This is not that uncommon for me, once every couple of months or so my thoughts go down this path. Usually I have read about a couple of recent deaths in our MPS community, or my son has gotten some news from a doctor’s appointment that feels like a setback. Regardless of what sparks it, the reality of the situation is my son has a disease that will shorten his life and may possibly take him from me with minimal, if any notice. I know that there is a real possibility that his brothers, his father and I are going to outlive him. At some point we will have to figure out how to be a functioning family with a key person missing. Ask any parent in our community or who has a child with a rare disease that will shorten their life, and they will likely tell you that they have thought about their child’s death and about what life will be like without them (unless they can’t acknowledge that out loud or admit to someone other than themselves that they have had those thoughts). It is one thing to admit to yourself you think about and worry about your child’s inevitable death, it is another to acknowledge it to others.

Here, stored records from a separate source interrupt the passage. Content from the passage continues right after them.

(* A matroid polytope inside P(M) that contains the probe has e_B0 as a vertex:
   a convex combination avoiding e_B0 has outside mass at least 1. *)
Lemma piece_contains_B0 Q : {subset Q <= Bs} -> base_polytope R Q probe -> B0 \in Q.
Proof.
move=> QBs [mu [mu_ge0 muQ mu1 e]]; apply: contraT => B0Q.
suff : 1 <= outside_mass probe by rewrite leNgt probe_outside_lt1.
rewrite e outside_mass_conv -[X in X <= _]mu1; apply: ler_sum => B _.
have [BQ|BQ] := boolP (B \in Q); last by rewrite muQ // mul0r.
rewrite ler_peMr // ler1n card_gt0; apply/set0Pn.
apply: (bases_diff_neq0 matroidBs) (QBs _ BQ) B0s _.
by apply: contraNneq B0Q => <-.
Qed.

Section SimpleVertex.
(* From here on dim P(M) = deg B0 is used through the independence of the
   edge directions at B0. *)
Hypothesis dir_free : row_free dir_mx.

Lemma nspan_coef0 (a : {set 'I_n} -> R) :
  \sum_(N in neighbours) a N *: dir N = 0 -> forall N, N \in neighbours -> a N = 0.
Proof.
move=> sum0 N Nnb.
have : (\row_k a (enum_val k)) *m dir_mx = 0 *m dir_mx.
  rewrite mul0mx mulmx_sum_row -[RHS]sum0 [RHS]big_enum_val.
  by apply: eq_bigr => k _; rewrite mxE rowK.
move/(row_free_inj dir_free)/rowP/(_ (enum_rank_in Nnb N)).
by rewrite !mxE enum_rankK_in.
Qed.

Lemma neighbours_rank_bound (T : {set {set 'I_n}}) p (W : 'M[R]_(p, n)) :
  T \subset neighbours -> (forall N, N \in T -> (dir N <= W)%MS) -> (#|T| <= p)%N.
Proof.
move=> Tnb dirW; have [->|[N0 N0T]] := set_0Vmem T; first by rewrite cards0.
pose E := \matrix_(i < #|T|) dir (enum_val i).
have freeE : row_free E.
  apply: inj_row_free => w wE0.
  pose a N := if N \in T then w 0 (enum_rank_in N0T N) else 0.
  have sum0 : \sum_(N in neighbours) a N *: dir N = 0.
    rewrite -[RHS]wE0 mulmx_sum_row (big_setID T) /= (setIidPr Tnb).
    rewrite [X in _ + X]big1 ?addr0 => [|N]; last first.
      by rewrite !inE /a => /andP [/negbTE -> _]; rewrite scale0r.
    rewrite big_enum_val; apply: eq_bigr => i _.
    by rewrite rowK /a enum_valP enum_valK_in.
  apply/rowP => i; rewrite mxE.
  have := nspan_coef0 sum0 (subsetP Tnb _ (enum_valP i)).
  by rewrite /a enum_valP enum_valK_in.
have /mxrankS : (E <= W)%MS.
  by apply/row_subP => i; rewrite rowK; apply/dirW/enum_valP.
by move/eqP: freeE => ->; move/leq_trans; apply; exact: rank_leq_row.
Qed.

It is a hard balance to make between mentally prepping and preparing for the death of your child — especially when there is no reason to believe it will occur soon – and living a life where you pretend that fact doesn’t exist and even possibly being in denial. If I spend too much time thinking about kids with MPS that are younger than my son that have died or thinking of how a certain upcoming procedure or sedation might take a bad turn and lead to his death, I would have a hard time getting out of bed. I also have two other boys to worry about so I can’t treat my boy as though he is actively dying. But it doesn’t mean that those thoughts don’t creep in and that there are not times where I go down that path in my mind. Not surprisingly it is something that I don’t share often, even with my husband. Talking about the risks of a procedure or setbacks we have faced are hard enough conversations to have with a spouse or family member. Trying to have a rational conversation about the inevitable death of your child is an impossible conversation to have. People mean well but sometimes telling me to “be hopeful, or that science is changing, or he is doing so well, or or even a cure is around the corner,” does not validate my feelings or concerns nor does give me a safe outlet to have these conversations. It might make the person saying it feel better or help them think they are making me more hopeful, but sometimes it just makes me feel more alone with my sadness and fear. I also don’t want to burden others with my thoughts and fears and the reality that death is. When you do try to voice your thoughts to others, people may say “they can’t go there, or they can’t imagine, or you can’t think like that.” But when you are given a diagnosis where the fact is your child will have a decreased life span, no matter how long or short that life is, you are always aware that you child’s life has an end and it will come before you know it or are prepared for it.

I am not always sad or thinking of his death, but I am always aware of it. Some days that awareness is faint and in the background of my every day, and other days it is front and present and demanding attention. However acknowledging that there is going to be a time that my family consists of four people in person and one in spirit does help keep me focused on the here and now. It helps me when I am struggling or overwhelmed with life and the chaos that is three young boys, to remember to savor and enjoy the moments. I truly do not know for how long I will be able to watch my three boys run and play and wrestle together. I want to fill his life, his brothers’ lives and mine with as many memories and adventures as I can so we have wonderful thoughts and images to hold on to for the rest of our lives. This also means that we sometimes make decisions about things he can or can’t do based on medical advice, but also based on what will increase his quality of life.

Recently we took our sons to the beach to play in the sand and put their feet in the ocean. Seems like a simple family outing but given our rare warrior’s immune suppression, medical advice has been to not allow him to play in the sand or ocean due to possible bacteria and such. That has been the guidance we have followed for the last three and a half years and we have followed it strictly until recently. He wanted to be like his brothers and we wanted him to have that experience, so we decided to let him play and be a kid and then to go home and take a bath and clean him really well. He had a blast and the pictures and memories of him playing on the beach with his brothers are embedded in my brain. Yes there was a risk, but we tried to minimize the risk and still let him have fun. We can honestly say we do not know when we make certain memories if we will have an opportunity to make similar ones again. Quality of life is especially important when you don’t know how long your child will be able to do these things and enjoy them. I want to make sure I give my child as normal and yet as full of a life as I can, whether that life lasts five years, 10 years or hopefully even 30 years.

I never expected to be a mother who would have to live every day like my child was dying but in fact, he is … and I do.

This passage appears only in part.